3. Determination of column efficiency loss

3.1 Solution preparation

Column Efficiency Assay Solution

2% mass fraction of acetone aqueous solution 50mL

Acetone 1g

Ultrapure Water 49g

3.2 Determination of column efficiency:

The column efficiency measurement needs to be carried out before and after each round of purification. The column efficiency loss = the number of plates before purification (N/m) / the number of plates after purification (N/m) × 100%. The measurement method is as follows:

(1) Column balance: wash the column with 2000ml ultrapure water until A280, 254, the conductance value is balanced;

(2) Loading: Load 200 μl of column efficiency measurement solution into the column, and control the flow rate at 60 cm/h;

(3) Elution: use ultrapure water to elute, the flow rate is 60cm/h, until A280, 254, the conductivity value is balanced;

(4) Column efficiency calculation: Integrate the elution peak, calculate its symmetry and the number of plates per meter, the number of plates before purification is 18902.8, after purification it is 17390 and the loss is 8%;

(5) Cleaning and storage: Rinse the column with 2000 ml of 20% ethanol until the baseline is equilibrated, and then store it vertically.

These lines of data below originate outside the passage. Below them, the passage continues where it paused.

(* Let $n,K\ge1$, $\varepsilon>0$, $\Delta^{\inf}\in\mathbb{R}$, $c\ge0$ (playing the role of $f(x^0)-f^{\inf}$), ${\bf L}\in\mathbb{S}^d_{++}$, ${\bf L}_1,\dots,{\bf L}_n\in\mathbb{S}^d_{++}$, and let ${\bf S}_1,\dots,{\bf S}_n$ be random matrices in $\mathbb{S}^d_+$ with $\mathbb{E}[{\bf S}_i]={\bf I}_d$ and finite second moments. For ${\bf D}\in\mathbb{S}^d_{++}$ let $\lambda_{{\bf D}}:=\max_i\lambda_{\max}\big(\mathbb{E}[{\bf L}_i^{1/2}({\bf S}_i-{\bf I}_d){\bf D}{\bf L}{\bf D}({\bf S}_i-{\bf I}_d){\bf L}_i^{1/2}]\big)$. Then the set of ${\bf D}\in\mathbb{S}^d_{++}$ satisfying $${\bf D}{\bf L}{\bf D}\preceq{\bf D},\qquad\lambda_{{\bf D}}\le\frac nK,\qquad 4\Delta^{\inf}\lambda_{{\bf D}}\le n\varepsilon^2\det({\bf D})^{1/d},\qquad K\ge\frac{12c}{\det({\bf D})^{1/d}\varepsilon^2}$$ is convex.
   Context: $\mathbb{S}^d_{+}$/$\mathbb{S}^d_{++}$: symmetric positive semidefinite/definite $d\times d$ matrices; $\preceq$ is the Loewner order; $\lambda_{\max}$ is the largest eigenvalue. *)

From HB Require Import structures.
From mathcomp Require Import all_boot all_order all_algebra.
From mathcomp Require Import all_classical all_reals all_analysis.
Set Implicit Arguments. Unset Strict Implicit. Unset Printing Implicit Defensive.
Import Order.TTheory GRing.Theory Num.Theory.
Local Open Scope ring_scope.
Local Open Scope classical_set_scope.

Section MatrixDefs.
Variable R : realType.

Definition symmx d (A : 'M[R]_d) : Prop := A^T = A.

4. Affinity chromatography of mechanically functional proteins

The mechanically functional protein after high pressure crushing treatment is purified by this chromatography column, and the specific purification steps are:

4.1 Buffer preparation

(1) Equilibration buffer:

Add HCl to adjust pH to 8.0

(2) Elution buffer:

The equilibration buffer was used to prepare a buffer with a final imidazole concentration of 0.35M as the elution buffer, and the pH was adjusted to 8.0;

(3) Column washing buffer:

Use equilibration buffer to configure the buffer containing 1M NaCl as the column washing buffer, pH 8.0;

(4) Cleaning solution:

The 20% ethanol aqueous solution is used for the cleaning and preservation of the nickel column, but if necessary, the nickel column needs to be de-nickeled and regenerated.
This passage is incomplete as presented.